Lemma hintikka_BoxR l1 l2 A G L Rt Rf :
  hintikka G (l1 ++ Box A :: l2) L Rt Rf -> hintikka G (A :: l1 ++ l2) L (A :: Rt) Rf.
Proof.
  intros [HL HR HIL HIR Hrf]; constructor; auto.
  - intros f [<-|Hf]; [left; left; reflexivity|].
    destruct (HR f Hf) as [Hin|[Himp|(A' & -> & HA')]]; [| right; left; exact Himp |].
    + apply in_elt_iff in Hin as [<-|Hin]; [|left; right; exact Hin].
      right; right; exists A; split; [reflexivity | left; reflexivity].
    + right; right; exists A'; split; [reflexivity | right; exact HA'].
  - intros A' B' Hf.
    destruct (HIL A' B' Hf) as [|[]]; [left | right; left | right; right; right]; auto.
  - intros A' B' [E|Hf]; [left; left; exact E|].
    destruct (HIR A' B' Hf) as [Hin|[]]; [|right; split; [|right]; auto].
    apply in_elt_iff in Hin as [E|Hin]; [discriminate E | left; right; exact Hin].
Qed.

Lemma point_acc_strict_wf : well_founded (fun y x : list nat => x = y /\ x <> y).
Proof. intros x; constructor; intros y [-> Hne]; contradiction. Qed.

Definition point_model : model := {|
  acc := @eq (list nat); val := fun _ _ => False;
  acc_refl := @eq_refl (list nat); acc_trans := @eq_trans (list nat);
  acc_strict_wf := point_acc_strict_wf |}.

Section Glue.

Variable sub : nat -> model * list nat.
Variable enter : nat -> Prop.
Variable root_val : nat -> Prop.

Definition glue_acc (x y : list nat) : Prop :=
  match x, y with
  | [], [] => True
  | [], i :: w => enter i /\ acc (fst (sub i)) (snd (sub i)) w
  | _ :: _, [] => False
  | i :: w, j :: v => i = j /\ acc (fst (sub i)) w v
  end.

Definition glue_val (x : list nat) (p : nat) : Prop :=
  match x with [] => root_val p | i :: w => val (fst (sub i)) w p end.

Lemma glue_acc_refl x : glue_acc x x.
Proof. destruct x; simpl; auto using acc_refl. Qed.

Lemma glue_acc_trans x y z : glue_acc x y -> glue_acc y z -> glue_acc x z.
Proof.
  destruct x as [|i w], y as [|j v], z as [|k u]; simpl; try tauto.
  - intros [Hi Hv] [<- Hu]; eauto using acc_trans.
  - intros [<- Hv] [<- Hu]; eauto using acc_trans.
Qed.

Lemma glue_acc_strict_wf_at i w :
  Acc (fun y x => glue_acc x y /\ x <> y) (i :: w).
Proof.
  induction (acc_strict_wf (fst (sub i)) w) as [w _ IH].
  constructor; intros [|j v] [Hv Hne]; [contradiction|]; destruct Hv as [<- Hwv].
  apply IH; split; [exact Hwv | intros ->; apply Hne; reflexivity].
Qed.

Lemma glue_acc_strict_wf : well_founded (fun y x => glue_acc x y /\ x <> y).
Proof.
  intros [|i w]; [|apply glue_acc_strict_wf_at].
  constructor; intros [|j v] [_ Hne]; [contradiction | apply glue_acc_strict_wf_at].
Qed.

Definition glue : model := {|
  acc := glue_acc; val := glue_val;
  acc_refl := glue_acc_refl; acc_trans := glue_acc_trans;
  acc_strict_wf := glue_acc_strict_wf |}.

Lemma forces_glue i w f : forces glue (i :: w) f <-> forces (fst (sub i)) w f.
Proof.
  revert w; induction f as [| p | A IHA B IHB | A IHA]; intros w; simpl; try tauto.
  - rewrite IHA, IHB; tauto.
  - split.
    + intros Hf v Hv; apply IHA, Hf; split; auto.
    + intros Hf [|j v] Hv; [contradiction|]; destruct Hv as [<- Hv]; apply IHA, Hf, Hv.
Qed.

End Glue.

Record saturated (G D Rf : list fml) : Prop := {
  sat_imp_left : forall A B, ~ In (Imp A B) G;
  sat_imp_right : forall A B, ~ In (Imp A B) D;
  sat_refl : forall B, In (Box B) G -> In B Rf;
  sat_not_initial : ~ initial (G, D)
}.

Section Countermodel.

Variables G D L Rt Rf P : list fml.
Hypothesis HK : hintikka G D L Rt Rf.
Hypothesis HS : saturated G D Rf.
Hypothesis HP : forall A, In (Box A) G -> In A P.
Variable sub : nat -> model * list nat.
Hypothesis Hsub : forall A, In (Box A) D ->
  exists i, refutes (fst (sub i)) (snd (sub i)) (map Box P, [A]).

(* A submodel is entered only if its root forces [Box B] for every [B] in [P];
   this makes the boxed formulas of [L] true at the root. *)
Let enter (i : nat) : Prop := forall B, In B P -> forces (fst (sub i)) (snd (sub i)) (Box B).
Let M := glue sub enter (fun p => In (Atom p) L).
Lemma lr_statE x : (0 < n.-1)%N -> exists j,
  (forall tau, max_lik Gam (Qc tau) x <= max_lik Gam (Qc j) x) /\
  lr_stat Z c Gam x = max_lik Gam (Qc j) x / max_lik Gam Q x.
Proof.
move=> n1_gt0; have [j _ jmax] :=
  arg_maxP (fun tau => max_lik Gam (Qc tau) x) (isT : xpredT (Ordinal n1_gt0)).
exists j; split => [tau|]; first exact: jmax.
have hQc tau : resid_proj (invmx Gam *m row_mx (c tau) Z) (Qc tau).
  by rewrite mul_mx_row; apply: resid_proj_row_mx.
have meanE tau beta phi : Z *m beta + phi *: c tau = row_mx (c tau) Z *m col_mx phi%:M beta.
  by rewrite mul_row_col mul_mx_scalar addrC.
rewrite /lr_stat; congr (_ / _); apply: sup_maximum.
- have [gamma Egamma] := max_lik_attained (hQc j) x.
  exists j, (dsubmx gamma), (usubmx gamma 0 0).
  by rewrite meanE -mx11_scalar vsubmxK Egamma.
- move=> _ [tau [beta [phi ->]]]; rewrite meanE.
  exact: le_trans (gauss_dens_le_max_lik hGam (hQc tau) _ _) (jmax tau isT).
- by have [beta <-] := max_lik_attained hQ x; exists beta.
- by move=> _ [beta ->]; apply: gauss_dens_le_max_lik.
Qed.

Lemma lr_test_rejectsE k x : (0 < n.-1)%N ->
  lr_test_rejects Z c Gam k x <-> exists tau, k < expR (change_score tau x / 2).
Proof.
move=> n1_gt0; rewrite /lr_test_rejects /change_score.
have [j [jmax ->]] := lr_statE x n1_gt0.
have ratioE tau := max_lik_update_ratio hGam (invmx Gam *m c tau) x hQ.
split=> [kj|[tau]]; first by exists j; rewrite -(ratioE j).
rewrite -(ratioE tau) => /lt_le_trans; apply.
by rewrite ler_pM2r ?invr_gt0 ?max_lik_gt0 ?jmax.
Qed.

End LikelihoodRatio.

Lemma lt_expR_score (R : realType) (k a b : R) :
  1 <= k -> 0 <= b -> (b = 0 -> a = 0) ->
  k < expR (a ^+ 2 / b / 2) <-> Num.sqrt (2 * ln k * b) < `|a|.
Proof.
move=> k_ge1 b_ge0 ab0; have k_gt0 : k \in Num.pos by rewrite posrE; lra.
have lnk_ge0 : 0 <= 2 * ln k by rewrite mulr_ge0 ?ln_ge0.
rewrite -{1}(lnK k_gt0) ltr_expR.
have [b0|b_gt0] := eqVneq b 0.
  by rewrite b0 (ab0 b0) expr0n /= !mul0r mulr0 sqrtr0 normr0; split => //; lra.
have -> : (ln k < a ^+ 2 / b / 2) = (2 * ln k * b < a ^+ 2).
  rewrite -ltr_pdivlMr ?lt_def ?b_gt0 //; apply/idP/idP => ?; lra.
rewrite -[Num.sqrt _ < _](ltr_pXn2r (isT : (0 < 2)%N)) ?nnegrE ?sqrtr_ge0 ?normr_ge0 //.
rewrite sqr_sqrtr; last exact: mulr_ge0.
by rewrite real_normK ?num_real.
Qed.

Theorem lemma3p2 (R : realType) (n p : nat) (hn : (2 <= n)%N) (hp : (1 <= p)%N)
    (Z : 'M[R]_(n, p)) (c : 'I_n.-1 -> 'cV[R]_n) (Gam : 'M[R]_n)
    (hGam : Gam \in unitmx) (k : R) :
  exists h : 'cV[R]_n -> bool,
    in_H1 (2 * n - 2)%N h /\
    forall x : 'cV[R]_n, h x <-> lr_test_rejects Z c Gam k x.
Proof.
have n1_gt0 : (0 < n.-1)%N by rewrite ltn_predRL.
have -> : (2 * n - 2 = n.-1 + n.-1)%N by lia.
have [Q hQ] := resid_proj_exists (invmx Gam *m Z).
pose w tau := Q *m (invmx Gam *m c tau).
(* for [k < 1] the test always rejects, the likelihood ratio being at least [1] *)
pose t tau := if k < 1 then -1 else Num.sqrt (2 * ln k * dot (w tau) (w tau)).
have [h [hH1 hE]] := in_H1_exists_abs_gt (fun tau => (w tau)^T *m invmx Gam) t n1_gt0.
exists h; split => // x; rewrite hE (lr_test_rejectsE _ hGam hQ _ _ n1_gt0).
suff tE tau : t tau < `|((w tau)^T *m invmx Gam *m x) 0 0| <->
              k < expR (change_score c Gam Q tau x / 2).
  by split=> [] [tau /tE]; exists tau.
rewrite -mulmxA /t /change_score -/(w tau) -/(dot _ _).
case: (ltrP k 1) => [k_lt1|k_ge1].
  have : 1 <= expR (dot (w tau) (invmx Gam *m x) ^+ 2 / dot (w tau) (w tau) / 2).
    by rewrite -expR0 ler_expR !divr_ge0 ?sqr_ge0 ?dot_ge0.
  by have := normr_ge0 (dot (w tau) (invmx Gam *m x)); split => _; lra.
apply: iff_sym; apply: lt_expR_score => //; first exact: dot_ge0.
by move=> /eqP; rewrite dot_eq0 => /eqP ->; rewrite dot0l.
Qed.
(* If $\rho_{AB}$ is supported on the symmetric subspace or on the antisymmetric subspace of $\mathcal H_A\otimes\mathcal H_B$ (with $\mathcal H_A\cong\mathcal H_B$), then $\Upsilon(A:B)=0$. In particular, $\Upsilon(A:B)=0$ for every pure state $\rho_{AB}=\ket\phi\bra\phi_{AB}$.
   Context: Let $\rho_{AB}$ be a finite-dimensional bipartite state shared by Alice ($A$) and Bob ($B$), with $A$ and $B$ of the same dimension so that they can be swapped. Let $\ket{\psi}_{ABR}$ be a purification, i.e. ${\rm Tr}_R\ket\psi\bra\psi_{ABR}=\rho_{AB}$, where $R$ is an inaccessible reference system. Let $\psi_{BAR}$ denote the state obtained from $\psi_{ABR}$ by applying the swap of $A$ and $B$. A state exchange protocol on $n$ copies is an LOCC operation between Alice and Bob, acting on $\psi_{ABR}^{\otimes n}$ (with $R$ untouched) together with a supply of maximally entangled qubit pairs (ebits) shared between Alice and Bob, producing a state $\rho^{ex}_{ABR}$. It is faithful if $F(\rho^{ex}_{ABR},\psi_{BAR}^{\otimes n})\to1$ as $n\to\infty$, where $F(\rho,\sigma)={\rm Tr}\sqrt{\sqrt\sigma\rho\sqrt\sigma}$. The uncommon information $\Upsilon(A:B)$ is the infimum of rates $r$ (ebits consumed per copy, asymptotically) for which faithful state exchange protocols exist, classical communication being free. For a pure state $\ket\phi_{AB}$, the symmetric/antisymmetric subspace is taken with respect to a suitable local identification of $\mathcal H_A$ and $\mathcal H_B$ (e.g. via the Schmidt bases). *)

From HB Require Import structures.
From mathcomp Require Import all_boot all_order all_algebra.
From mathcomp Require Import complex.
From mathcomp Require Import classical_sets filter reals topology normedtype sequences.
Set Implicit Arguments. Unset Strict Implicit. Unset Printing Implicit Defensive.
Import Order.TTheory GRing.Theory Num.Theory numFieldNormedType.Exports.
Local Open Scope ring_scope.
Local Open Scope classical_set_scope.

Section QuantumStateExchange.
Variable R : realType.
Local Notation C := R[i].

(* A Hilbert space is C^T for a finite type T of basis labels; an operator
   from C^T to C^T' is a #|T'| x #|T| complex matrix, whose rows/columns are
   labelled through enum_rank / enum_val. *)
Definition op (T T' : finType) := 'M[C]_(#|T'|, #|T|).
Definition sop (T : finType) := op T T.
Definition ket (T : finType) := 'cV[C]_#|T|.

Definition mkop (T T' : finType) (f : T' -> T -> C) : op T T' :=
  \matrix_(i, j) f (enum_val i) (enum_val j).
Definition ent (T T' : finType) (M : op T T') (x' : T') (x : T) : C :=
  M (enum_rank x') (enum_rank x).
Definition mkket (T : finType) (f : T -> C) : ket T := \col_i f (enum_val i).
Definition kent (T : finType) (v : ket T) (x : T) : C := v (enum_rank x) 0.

WHAT YOU HAVE TO DO >> In the material above, locate the line containing "arg_maxP (fun tau" and the line containing "- move=> _ [tau". Transcribe exactly those two lines and every line between them, and nothing more.

SOLUTION BELOW >>
  arg_maxP (fun tau => max_lik Gam (Qc tau) x) (isT : xpredT (Ordinal n1_gt0)).
exists j; split => [tau|]; first exact: jmax.
have hQc tau : resid_proj (invmx Gam *m row_mx (c tau) Z) (Qc tau).
  by rewrite mul_mx_row; apply: resid_proj_row_mx.
have meanE tau beta phi : Z *m beta + phi *: c tau = row_mx (c tau) Z *m col_mx phi%:M beta.
  by rewrite mul_row_col mul_mx_scalar addrC.
rewrite /lr_stat; congr (_ / _); apply: sup_maximum.
- have [gamma Egamma] := max_lik_attained (hQc j) x.
  exists j, (dsubmx gamma), (usubmx gamma 0 0).
  by rewrite meanE -mx11_scalar vsubmxK Egamma.
- move=> _ [tau [beta [phi ->]]]; rewrite meanE.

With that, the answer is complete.